A single-row table used for dashboard/Drush summaries:

| Column | Meaning |
|---|---|
| `total_node_revisions_deleted` | Cumulative node revision rows deleted. |
| `total_para_revisions_deleted` | Cumulative paragraph revision rows deleted. |
| `total_lb_revisions_deleted` | Cumulative **Layout Builder** field revision rows deleted. |
| `space_freed_last_run` | Estimated bytes freed by the most recent purge run. |
| `space_freed_total` | Cumulative estimated bytes freed across purges. |
| `potential_claimable_space` | Estimated bytes reclaimable based on the latest **dry run plan**. |
| `last_dryrun_timestamp` | UNIX timestamp of last dry run completion. |
| `last_purge_timestamp` | UNIX timestamp of last purge completion. |

> Table name: `fastrev_stats`. The installer inserts row `id=1` on install.

---

## Working Tables (Planner)

- `fastrev_node_keep(vid)` — revisions to **keep**.
- `fastrev_node_delete(vid)` — revisions to **delete** (non-default, not in keep).
- `fastrev_par_in_use(rid)` — paragraph revisions currently **in use** or to keep (current pointers, keep-last M, reachable via ERR graph).
- `fastrev_par_delete(rid)` — paragraph revisions to **delete** (not in use / not kept).
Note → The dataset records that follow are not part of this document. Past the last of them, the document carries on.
Lemma overlap_pair_le a a' c c' t :
  (forall j, separates a (a' + t) j -> separates a c j -> separates a' c' (j - t) -> False) ->
  overlap a (a' + t) c + overlap a' (a - t) c' <= `|a' + t - a|.
Proof.
move=> H; case: (ltrgtP a (a' + t)) => hab.
- by have := H (a + overlap a (a' + t) c); rewrite /separates /overlap; repeat case: ifP; lia.
- have := H (a - overlap a (a' + t) c + 1); rewrite /separates /overlap.
  by repeat case: ifP; lia.
- by rewrite /overlap; repeat case: ifP; lia.
Qed.

Lemma overlap_pair_lt a a' c c' t j0 :
  separates a (a' + t) j0 -> ~~ separates a c j0 -> ~~ separates a' c' (j0 - t) ->
  overlap a (a' + t) c + overlap a' (a - t) c' < `|a' + t - a|.
Proof.
rewrite /separates /overlap => h1 h2 h3.
by case: (ltrgtP a (a' + t)) => hab; move: h1 h2 h3; repeat case: ifP; lia.
Qed.

Definition cell (N u a : int) : bool := (N * a < u) && (u < N * (a + 1)).

Section Cells.
Variable N : int.
Hypothesis N0 : 0 < N.

Lemma cell_ltE u a j : cell N u a -> (a < j) = (u < N * j).
Proof.
move=> /andP [h1 h2]; apply/idP/idP => h.
- have : N * (a + 1) <= N * j by rewrite ler_pM2l //; lia.
  lia.
- have : N * a < N * j by lia.
  by rewrite ltr_pM2l.
Qed.

Lemma cell_neq u a j : cell N u a -> u != N * j.
Proof.
move=> ua; apply/negP => /eqP E; move: ua; rewrite /cell E => /andP [h1 h2].
have : a < j by rewrite ltr_pM2l // in h1.
have : j < a + 1 by rewrite ltr_pM2l // in h2.
lia.
Qed.

Lemma separatesE u v a b j : cell N u a -> cell N v b ->
  separates a b j = ((u - N * j) * (v - N * j) < 0).
Proof.
move=> ua vb.
have e1 := cell_ltE j ua; have e2 := cell_ltE j vb.
have n1 := cell_neq j ua; have n2 := cell_neq j vb.
rewrite /separates; apply/idP/idP.
- move/orP => [/andP [x1 x2] | /andP [x1 x2]].
  + by move: x2; rewrite leNgt e2 => x2; rewrite e1 in x1; nia.
  + by move: x2; rewrite leNgt e1 => x2; rewrite e2 in x1; nia.
- move=> h; rewrite !leNgt e1 e2.
  by case: (ltgtP u (N * j)) => h1; case: (ltgtP v (N * j)) => h2; nia.
Qed.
> Optionally, if present in your site’s build process, you may see `fastrev_lb_keep` / `fastrev_lb_delete` (for LB-specific flows). The main purge also tracks rows deleted from `node_revision__layout_builder__layout` when present.

---

## How Estimates Are Computed

### Potential claimable space (after **dry run**)
1. Count rows that **would** be deleted for each impacted table by joining working sets (`fastrev_node_delete`, `fastrev_par_delete`) to revision tables:
   - Node: `node_revision` and every `node_revision__%` field table.
   - Paragraph: `paragraph_revision` and every `paragraph_revision__%` field table.
2. For each table, compute `avg_row_size = (DATA_LENGTH + INDEX_LENGTH) / TABLE_ROWS` from `information_schema.TABLES`.
3. Estimate per-table bytes: `rows_to_delete * avg_row_size`. Sum across tables.
4. Persist to `fastrev_stats.potential_claimable_space` + `last_dryrun_timestamp`.

### Bytes freed (after **purge**)
- During deletion, we track **rows deleted per table** and sum `rows_deleted * avg_row_size(table)` for a best-effort **`space_freed_last_run`** estimate, then increment `space_freed_total`.
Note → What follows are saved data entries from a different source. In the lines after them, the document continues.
Lemma xi_condition m beta r x2 : (2 < m)%nat -> 0 < beta < 1 -> 0 < r < 1 -> x2 <= 0 ->
  - x2 <= r * Rpower (1 - r) (gam m beta) ->
  (INR m - 2) / INR m *
    rpow (- x2 / rpow (r - r ^ m) (2 / INR m)) (INR m / (INR m - 2))
  <= rpow (1 - r) beta.
Proof.
  intros Hm Hb Hr Hx Hle.
  pose proof (INR_ge3 m Hm) as HM. pose proof (gam_bounds m beta Hm Hb) as Hg.
  set (M := INR m) in *. set (a := 2 / M).
  destruct m as [|[|k]]; try lia.
  assert (Hk : r ^ k <= 1) by (rewrite <- (pow1 k); apply pow_incr; lra).
  assert (HD : r * (1 - r) <= r - r ^ S (S k)) by (simpl; nra).
  assert (Ha : 0 <= a <= 1).
  { unfold a. split; [apply Rdiv_le_0_compat; lra|].
    apply Rmult_le_reg_r with M; [lra|]. unfold Rdiv. rewrite Rmult_assoc, Rinv_l; lra. }
  apply rpow_quotient_bound; try lra; [nra|].
  assert (R1 : r * Rpower (1 - r) a <= Rpower (r - r ^ S (S k)) a).
  { pose proof (Rle_Rpower_base_le1 r a 1 ltac:(lra) ltac:(lra)) as R0.
    rewrite Rpower_1 in R0 by lra.
    pose proof (Rpower_pos (1 - r) a).
    apply Rle_trans with (Rpower (r * (1 - r)) a); [|apply Rle_Rpower_l; nra].
    rewrite <- Rpower_mult_distr by lra. nra. }
  pose proof (Rpower_pos (1 - r) (beta * (M - 2) / M)).
  replace (gam (S (S k)) beta) with (beta * (M - 2) / M + a) in Hle by reflexivity.
  rewrite Rpower_plus in Hle. change (2 / M) with a.
  pose proof (Rmult_le_compat_l _ _ _ (Rlt_le _ _ H) R1). nra.
Qed.

(** * The function chi *)

Definition chi_slope (T y : R) : R := 2 * (exp (2 - y) * y ^ 2 / T) / (1 - exp (2 - y)).
Definition chi_curv (T y : R) : R :=
  2 * (exp (2 - y) * y ^ 3 * (y - 2) / T ^ 2) / (1 - exp (2 - y))
  + 2 * (exp (2 - y) * y ^ 2 / T) ^ 2 / (1 - exp (2 - y)) ^ 2.

Lemma exp_2_le_9 : exp 2 <= 9.
Proof.
  replace 2 with (1 + 1) by ring. rewrite exp_plus.
  pose proof exp_le_3. pose proof (exp_pos 1). nra.
Qed.

(* Write e^(2-y) y^2 / T = A e^(-y), then use A^dl <= 1 + A and e^(-dl y) <= 4^4 / (dl y)^4. *)
Lemma chi_tail_bound dl T y : 0 < dl <= 1 -> T = 10240 / dl ^ 4 -> 1 <= y ->
  4 * y ^ 2 * Rpower (exp (2 - y) * y ^ 2 / T) dl <= T.
Proof.
  intros Hdl HT Hy.
  assert (HT1 : 1 <= T).
  { rewrite HT. apply (Rle_div_r _ _ (dl ^ 4)); [apply pow_lt; lra|].
    assert (dl ^ 4 <= 1) by (rewrite <- (pow1 4); apply pow_incr; lra). lra. }
  assert (Hy2 : 1 <= y ^ 2) by (simpl; nra).
  set (A := exp 2 * y ^ 2 / T).
  assert (HA : 0 < A)
    by (apply Rdiv_lt_0_compat; [apply Rmult_lt_0_compat; [apply exp_pos|]|]; lra).
  assert (HA9 : A <= 9 * y ^ 2).
  { apply Rle_div_l; [lra|]. pose proof exp_2_le_9. nra. }
  assert (E : Rpower (exp (2 - y) * y ^ 2 / T) dl = Rpower A dl * exp (- (dl * y))).
  { replace (exp (2 - y) * y ^ 2 / T) with (A * exp (- y))
      by (unfold A, Rminus; rewrite exp_plus; field; lra).
    rewrite <- Rpower_mult_distr by (auto using exp_pos). unfold Rpower at 2.
    rewrite ln_exp. f_equal. f_equal. ring. }
  pose proof (Rpower_le_1_plus A dl HA ltac:(lra)) as HAd.
  pose proof (exp_neg_le_inv_pow (dl * y) 4 ltac:(nra)) as Hexp.
  replace (INR 4 ^ 4) with 256 in Hexp by (simpl; ring).
  pose proof (exp_pos (- (dl * y))).
  rewrite E. apply Rle_trans with (4 * y ^ 2 * (10 * y ^ 2 * (256 / (dl * y) ^ 4))).
  - apply Rmult_le_compat_l; [nra|].
    apply Rle_trans with (10 * y ^ 2 * exp (- (dl * y))); [apply Rmult_le_compat_r; lra|].
    apply Rmult_le_compat_l; [nra | exact Hexp].
  - right. rewrite HT. field. lra.
Qed.

Section ChiEstimates.

Variables dl T y : R.
Hypothesis Hdl : 0 < dl <= 1.
Hypothesis HT : T = 10240 / dl ^ 4.
Hypothesis Hy : 2 < y.

Let P := exp (2 - y).
Let X := P * y ^ 2 / T.
Let Y := P * y ^ 3 * (y - 2) / T ^ 2.

Lemma chi_T_pos : 0 < T.
Proof. rewrite HT. apply Rdiv_lt_0_compat; [lra | apply pow_lt; lra]. Qed.

Lemma chi_P_bounds : 0 < P < 1.
Proof. split; [apply exp_pos | rewrite <- exp_0; apply exp_increasing; lra]. Qed.

Lemma chi_X_pos : 0 < X.
Proof.
  pose proof chi_T_pos. pose proof chi_P_bounds.
  apply Rdiv_lt_0_compat; [apply Rmult_lt_0_compat; [|apply pow_lt]|]; lra.
Qed.

Lemma chi_Y_bounds : 0 <= Y <= X * y ^ 2 / T.
Proof.
  pose proof chi_T_pos. pose proof chi_P_bounds.
  assert (0 < P * y ^ 3) by (apply Rmult_lt_0_compat; [|apply pow_lt]; lra).
  split.
  - apply Rdiv_le_0_compat; [apply Rmult_le_pos|apply pow_lt]; lra.
  - unfold Y, X. replace (P * y ^ 2 / T * y ^ 2 / T) with (P * y ^ 3 * y / T ^ 2) by (field; lra).
    unfold Rdiv. apply Rmult_le_compat_r; [left; apply Rinv_0_lt_compat, pow_lt; lra|].
    apply Rmult_le_compat_l; lra.
Qed.

Lemma chi_slope_pos : 0 < chi_slope T y.
Proof.
  pose proof chi_P_bounds. pose proof chi_X_pos. change (0 < 2 * X / (1 - P)).
  apply Rdiv_lt_0_compat; lra.
Qed.

Lemma chi_curv_nonneg : 0 <= chi_curv T y.
Proof.
  pose proof chi_P_bounds. pose proof chi_X_pos. pose proof chi_Y_bounds.
  change (0 <= 2 * Y / (1 - P) + 2 * X ^ 2 / (1 - P) ^ 2).
  apply Rplus_le_le_0_compat; apply Rdiv_le_0_compat; try nra; apply pow_lt; lra.
Qed.

Lemma chi_Y_le_Rpower_X : 4 * Y <= Rpower X (1 - dl).
Proof.
  pose proof chi_T_pos. pose proof chi_X_pos as HX. pose proof chi_Y_bounds.
  pose proof (chi_tail_bound dl T y Hdl HT ltac:(lra)) as Htail. fold P X in Htail.
  assert (E : Rpower X (1 - dl) * Rpower X dl = X).
  { rewrite <- Rpower_plus. replace (1 - dl + dl) with 1 by ring. apply Rpower_1, HX. }
  pose proof (Rpower_pos X dl). pose proof (Rpower_pos X (1 - dl)).
  apply Rle_trans with (4 * (X * y ^ 2 / T)); [lra|].
  set (R1 := Rpower X (1 - dl)) in *. set (R2 := Rpower X dl) in *.
  replace (4 * (X * y ^ 2 / T)) with (R1 * (4 * y ^ 2 * R2) / T) by (rewrite <- E; field; lra).
  apply (Rle_div_l _ _ T); [lra|]. apply Rmult_le_compat_l; lra.
Qed.

(* For P >= 1/2 the term 2 Y / (1 - P) is dominated by the square of the slope,
   for P < 1/2 by a power of it. *)
Lemma chi_curv_bound :
  chi_curv T y <= Rpower (chi_slope T y) (1 - dl) + chi_slope T y ^ 2.
Proof.
  pose proof chi_T_pos. pose proof chi_P_bounds as HP. pose proof chi_X_pos as HX.
  pose proof chi_Y_bounds as HY. pose proof chi_slope_pos as Hp.
  change (chi_slope T y) with (2 * X / (1 - P)) in *.
  change (chi_curv T y) with (2 * Y / (1 - P) + 2 * X ^ 2 / (1 - P) ^ 2).
  pose proof (Rpower_pos (2 * X / (1 - P)) (1 - dl)).
  assert (Hsq : (2 * X / (1 - P)) ^ 2 = 2 * (2 * X ^ 2 / (1 - P) ^ 2)) by (field; lra).
  assert (0 <= 2 * X ^ 2 / (1 - P) ^ 2) by (apply Rdiv_le_0_compat; [nra | apply pow_lt; lra]).
  destruct (Rle_dec (/ 2) P) as [HP2|HP2].
  - assert (Y * (1 - P) <= X ^ 2).
    { assert (E : X ^ 2 = P * (X * y ^ 2 / T)) by (unfold X; field; lra).
      rewrite E. apply Rle_trans with (X * y ^ 2 / T * (1 - P)); [apply Rmult_le_compat_r; lra|].
      rewrite Rmult_comm. apply Rmult_le_compat_r; [|lra].
      apply Rdiv_le_0_compat; [pose proof (pow2_ge_0 y); nra | lra]. }
    assert (2 * Y / (1 - P) <= 2 * X ^ 2 / (1 - P) ^ 2).
    { apply (Rle_div_r _ _ ((1 - P) ^ 2)); [apply pow_lt; lra|].
      replace (2 * Y / (1 - P) * (1 - P) ^ 2) with (2 * (Y * (1 - P))) by (field; lra). lra. }
    lra.
  - assert (S1 : 2 * Y / (1 - P) <= 4 * Y).
    { apply (Rle_div_l _ _ (1 - P)); [lra|]. destruct HP. destruct HY. nra. }
    assert (S2 : X <= 2 * X / (1 - P)).
    { apply (Rle_div_r _ _ (1 - P)); [lra|]. destruct HP. nra. }
    assert (S3 : Rpower X (1 - dl) <= Rpower (2 * X / (1 - P)) (1 - dl))
      by (apply Rle_Rpower_l; lra).
    pose proof chi_Y_le_Rpower_X. lra.
Qed.

End ChiEstimates.

Definition chi_fun (T s : R) : R := -2 * ln (1 - exp 2 * flat_exp T s).

Lemma chi_fun_arg_pos T s : 0 < T -> s < T / 2 -> 0 < 1 - exp 2 * flat_exp T s.
Proof.
  intros HT Hs. destruct (Rle_dec s 0) as [Hs0|Hs0].
  - rewrite flat_exp_nonpos by exact Hs0. lra.
  - rewrite flat_exp_pos, <- exp_plus by lra.
    assert (2 < T / s) by (apply Rlt_div_r; lra).
    assert (exp (2 + - (T / s)) < exp 0) by (apply exp_increasing; lra).
    rewrite exp_0 in *. lra.
Qed.

Lemma chi_fun_nonpos T s : s <= 0 -> chi_fun T s = 0.
Proof.
  intros Hs. unfold chi_fun. rewrite flat_exp_nonpos, Rmult_0_r, Rminus_0_r, ln_1 by exact Hs.
  ring.
Qed.

Lemma chi_fun_smooth T : 0 < T -> smooth_on (chi_fun T) (fun s => s < T / 2).
Proof.
  intros HT. apply smooth_on_Ck. intros n. unfold chi_fun.
  apply Ck_on_mult; [apply open_lt | apply Ck_on_const|].
  apply (Ck_on_comp _ (open_lt _) n ln _ (fun x => 0 < x) (open_gt 0)).
  - intros s Hs. apply chi_fun_arg_pos; assumption.
  - apply Ck_on_ln.
  - apply (Ck_on_subset n _ (fun _ => True)); [easy|].
    apply Ck_on_plus; [apply open_true | apply Ck_on_const|].
    apply Ck_on_opp, Ck_on_mult; [apply open_true | apply Ck_on_const | apply flat_exp_Ck, HT].
Qed.

Lemma chi_fun_derivatives T s : 0 < T -> 0 < s < T / 2 ->
  Derive (chi_fun T) s = chi_slope T (T / s) /\
  Derive_n (chi_fun T) 2 s = chi_curv T (T / s).
Proof.
  intros HT Hs.
  assert (Harg : forall x, 0 < x < T / 2 -> exp (2 + - (T * / x)) < 1).
  { intros x Hx. pose proof (chi_fun_arg_pos T x HT ltac:(lra)) as H.
    rewrite flat_exp_pos, <- exp_plus in H by lra. unfold Rdiv in H. lra. }
  apply (Derive_Derive_n_2_loc _ (fun x => -2 * ln (1 - exp (2 - T / x)))
           (fun x => chi_slope T (T / x)) (fun x => chi_curv T (T / x))
           (fun x => 0 < x < T / 2)).
  - apply open_and; [apply open_gt | apply open_lt].
  - exact Hs.
  - intros x Hx. unfold chi_fun. rewrite flat_exp_pos, <- exp_plus by lra. reflexivity.
  - intros x Hx. specialize (Harg x Hx). unfold chi_slope.
    auto_derive; unfold Rminus, Rdiv in *; [repeat split; lra|]. field. lra.
  - intros x Hx. specialize (Harg x Hx). unfold chi_slope, chi_curv.
    auto_derive; unfold Rminus, Rdiv in *; [repeat split; lra|]. field. lra.
Qed.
> ⚠️ These are estimates. Actual on-disk free space may require engine-specific maintenance (e.g., `OPTIMIZE TABLE` or vacuum-like operations).

---

## Admin UI Walkthrough

1. **Database overview**
   - **Current DB Size**
   - **Top 3 biggest tables**
   - **Last Run**: “Last Dry Run” and “Last Purged” shown as “_…ago_”
   - **Potential space that can be cleaned up** (from last dry run)

2. **Retention policy**
   - Keep latest **N** revisions (per node or **per language**)
   - Keep revisions **since date**
   - **Protect latest published** revision per node
   - Keep last **M** paragraph revisions

3. **Execution settings**
   - Chunk size, Sleep ms
   - Optional **Ensure helpful DB indexes**

4. **Sanity checks**
   - Toggle to display **copy/paste** Drush + SQL sanity queries

5. **Danger zone**
   - Confirmation checkbox
   - Optional **Paragraph** / **Layout Builder** purges via specialized truncators

6. **Actions**
   - **Save configuration**
   - **Plan (Dry run)** (batch)
   - **Run purge now** (batch)

7. **Dry run report**
   - **Node**: KEEP / DELETE
   - **Paragraph**: KEEP / DELETE
   - **Layout Builder**: KEEP / DELETE
   - Sample IDs to delete (first 10 of each, if available)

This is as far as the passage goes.